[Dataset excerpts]

Lemma dd_det3 X (M : nat -> nat -> pt -> R) x :
  (forall k a, (k < 3)%nat -> (a < 3)%nat -> diff_at (M k a) x) ->
  dd X (fun y => det3 (fun k a => M k a y)) x =
  sum3 (fun a => det3 (colrep (fun k b => M k b x) a (fun k => dd X (M k a) x))).
Proof.
  intro HM.
  rewrite (dd_of_pd X _ x _ (fun i Hi => pd_eq _ _ _ _
    (has_partial_det3 M (fun k a => pd (M k a) i x) i x (fun k a Hk Ha => HM k a Hk Ha i Hi)))).
  unfold dd, sum3, det3, colrep; simpl; ring.
Qed.

Lemma divg_inv_density U g X D x : open3 U -> U x ->
  (forall y, U y -> sqrt (detg g y) = / D y) -> D x <> 0 -> diff_at D x ->
  (forall i, (i < 3)%nat -> diff_at (X i) x) ->
  divg g X x = sum3 (fun i => pd (X i) i x) - dd X D x / D x.
Proof.
  intros HU Hx Hdens HD0 HD HX.
  assert (Hpd : forall i, (i < 3)%nat ->
    pd (fun y => sqrt (detg g y) * X i y) i x =
    (pd (X i) i x * D x - pd D i x * X i x) / (D x)²).
  { intros i Hi; apply pd_eq.
    apply (has_partial_local U _ (fun y => X i y / D y) i x _ HU Hx).
    - intros y Hy; rewrite Hdens by exact Hy; unfold Rdiv; ring.
    - apply has_partial_div; [exact (HX i Hi i Hi) | exact (HD i Hi) | exact HD0]. }
  unfold divg, dd; rewrite (sum3_ext _ _ Hpd), Hdens, Rinv_inv by exact Hx.
  unfold sum3, Rsqr; field; exact HD0.
Qed.

Lemma bracket_dd X Y k x : bracket X Y k x = dd X (Y k) x - dd Y (X k) x.
Proof. unfold bracket, dd, sum3; ring. Qed.

Section OrthonormalFrame.

Variables (U : pt -> Prop) (g : metric) (e : nat -> VF) (C : nat -> nat -> nat -> pt -> R).

Hypothesis HU : open3 U.
Hypothesis He : forall a k, (1 <= a <= 3)%nat -> (k < 3)%nat -> C1_on U (e a k).
Hypothesis Hon : forall a b x, (1 <= a <= 3)%nat -> (1 <= b <= 3)%nat -> U x ->
  gin g x (atp (e a) x) (atp (e b) x) = if Nat.eqb a b then 1 else 0.
Hypothesis Hor : forall x, U x -> 0 < det3 (fun k a => e (S a) k x).
Hypothesis HC : forall a b k x, (1 <= a <= 3)%nat -> (1 <= b <= 3)%nat -> (k < 3)%nat -> U x ->
  bracket (e a) (e b) k x =
    C a b 1%nat x * e 1%nat k x + C a b 2%nat x * e 2%nat k x + C a b 3%nat x * e 3%nat k x.

Local Notation E x := (fun k a => e (S a) k x).

Lemma sqrt_detg_frame x : U x -> sqrt (detg g x) = / det3 (E x).
Proof.
  intro Hx; apply sqrt_det3_orthonormal; [| exact (Hor x Hx)].
  intros a b Ha Hb; exact (Hon (S a) (S b) x ltac:(lia) ltac:(lia) Hx).
Qed.

Lemma structure_coef_det a b c x : (1 <= a <= 3)%nat -> (1 <= b <= 3)%nat -> (c < 3)%nat -> U x ->
  C a b (S c) x * det3 (E x) = det3 (colrep (E x) c (fun k => bracket (e a) (e b) k x)).
Proof.
  intros Ha Hb Hc Hx.
  rewrite (det3_colrep_ext _ _ _ (fun k => sum3 (fun c' => C a b (S c') x * E x k c'))).
  - symmetry; exact (det3_colrep_lincomb (E x) c (fun c' => C a b (S c') x) Hc).
  - intros k Hk; exact (HC a b k x Ha Hb Hk Hx).
Qed.

Lemma structure_coef_antisym a b c x :
  (1 <= a <= 3)%nat -> (1 <= b <= 3)%nat -> (1 <= c <= 3)%nat -> U x ->
  C a b c x = - C b a c x.
Proof.
  intros Ha Hb Hc Hx.
  destruct c as [|c]; [lia |].
  apply (Rmult_eq_reg_r (det3 (E x))); [| pose proof (Hor x Hx); lra].
  rewrite Ropp_mult_distr_l_reverse.
  rewrite !structure_coef_det by (try exact Hx; lia).
  destruct c as [|[|[|c]]]; try lia; unfold det3, colrep, bracket, sum3; simpl; ring.
Qed.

WHAT IS REQUIRED: Reproduce the entries above in full, exactly as they read.

WRITTEN RESPONSE:
Lemma dd_det3 X (M : nat -> nat -> pt -> R) x :
  (forall k a, (k < 3)%nat -> (a < 3)%nat -> diff_at (M k a) x) ->
  dd X (fun y => det3 (fun k a => M k a y)) x =
  sum3 (fun a => det3 (colrep (fun k b => M k b x) a (fun k => dd X (M k a) x))).
Proof.
  intro HM.
  rewrite (dd_of_pd X _ x _ (fun i Hi => pd_eq _ _ _ _
    (has_partial_det3 M (fun k a => pd (M k a) i x) i x (fun k a Hk Ha => HM k a Hk Ha i Hi)))).
  unfold dd, sum3, det3, colrep; simpl; ring.
Qed.

Lemma divg_inv_density U g X D x : open3 U -> U x ->
  (forall y, U y -> sqrt (detg g y) = / D y) -> D x <> 0 -> diff_at D x ->
  (forall i, (i < 3)%nat -> diff_at (X i) x) ->
  divg g X x = sum3 (fun i => pd (X i) i x) - dd X D x / D x.
Proof.
  intros HU Hx Hdens HD0 HD HX.
  assert (Hpd : forall i, (i < 3)%nat ->
    pd (fun y => sqrt (detg g y) * X i y) i x =
    (pd (X i) i x * D x - pd D i x * X i x) / (D x)²).
  { intros i Hi; apply pd_eq.
    apply (has_partial_local U _ (fun y => X i y / D y) i x _ HU Hx).
    - intros y Hy; rewrite Hdens by exact Hy; unfold Rdiv; ring.
    - apply has_partial_div; [exact (HX i Hi i Hi) | exact (HD i Hi) | exact HD0]. }
  unfold divg, dd; rewrite (sum3_ext _ _ Hpd), Hdens, Rinv_inv by exact Hx.
  unfold sum3, Rsqr; field; exact HD0.
Qed.

Lemma bracket_dd X Y k x : bracket X Y k x = dd X (Y k) x - dd Y (X k) x.
Proof. unfold bracket, dd, sum3; ring. Qed.

Section OrthonormalFrame.

Variables (U : pt -> Prop) (g : metric) (e : nat -> VF) (C : nat -> nat -> nat -> pt -> R).

Hypothesis HU : open3 U.
Hypothesis He : forall a k, (1 <= a <= 3)%nat -> (k < 3)%nat -> C1_on U (e a k).
Hypothesis Hon : forall a b x, (1 <= a <= 3)%nat -> (1 <= b <= 3)%nat -> U x ->
  gin g x (atp (e a) x) (atp (e b) x) = if Nat.eqb a b then 1 else 0.
Hypothesis Hor : forall x, U x -> 0 < det3 (fun k a => e (S a) k x).
Hypothesis HC : forall a b k x, (1 <= a <= 3)%nat -> (1 <= b <= 3)%nat -> (k < 3)%nat -> U x ->
  bracket (e a) (e b) k x =
    C a b 1%nat x * e 1%nat k x + C a b 2%nat x * e 2%nat k x + C a b 3%nat x * e 3%nat k x.

Local Notation E x := (fun k a => e (S a) k x).

Lemma sqrt_detg_frame x : U x -> sqrt (detg g x) = / det3 (E x).
Proof.
  intro Hx; apply sqrt_det3_orthonormal; [| exact (Hor x Hx)].
  intros a b Ha Hb; exact (Hon (S a) (S b) x ltac:(lia) ltac:(lia) Hx).
Qed.

Lemma structure_coef_det a b c x : (1 <= a <= 3)%nat -> (1 <= b <= 3)%nat -> (c < 3)%nat -> U x ->
  C a b (S c) x * det3 (E x) = det3 (colrep (E x) c (fun k => bracket (e a) (e b) k x)).
Proof.
  intros Ha Hb Hc Hx.
  rewrite (det3_colrep_ext _ _ _ (fun k => sum3 (fun c' => C a b (S c') x * E x k c'))).
  - symmetry; exact (det3_colrep_lincomb (E x) c (fun c' => C a b (S c') x) Hc).
  - intros k Hk; exact (HC a b k x Ha Hb Hk Hx).
Qed.

Lemma structure_coef_antisym a b c x :
  (1 <= a <= 3)%nat -> (1 <= b <= 3)%nat -> (1 <= c <= 3)%nat -> U x ->
  C a b c x = - C b a c x.
Proof.
  intros Ha Hb Hc Hx.
  destruct c as [|c]; [lia |].
  apply (Rmult_eq_reg_r (det3 (E x))); [| pose proof (Hor x Hx); lra].
  rewrite Ropp_mult_distr_l_reverse.
  rewrite !structure_coef_det by (try exact Hx; lia).
  destruct c as [|[|[|c]]]; try lia; unfold det3, colrep, bracket, sum3; simpl; ring.
Qed.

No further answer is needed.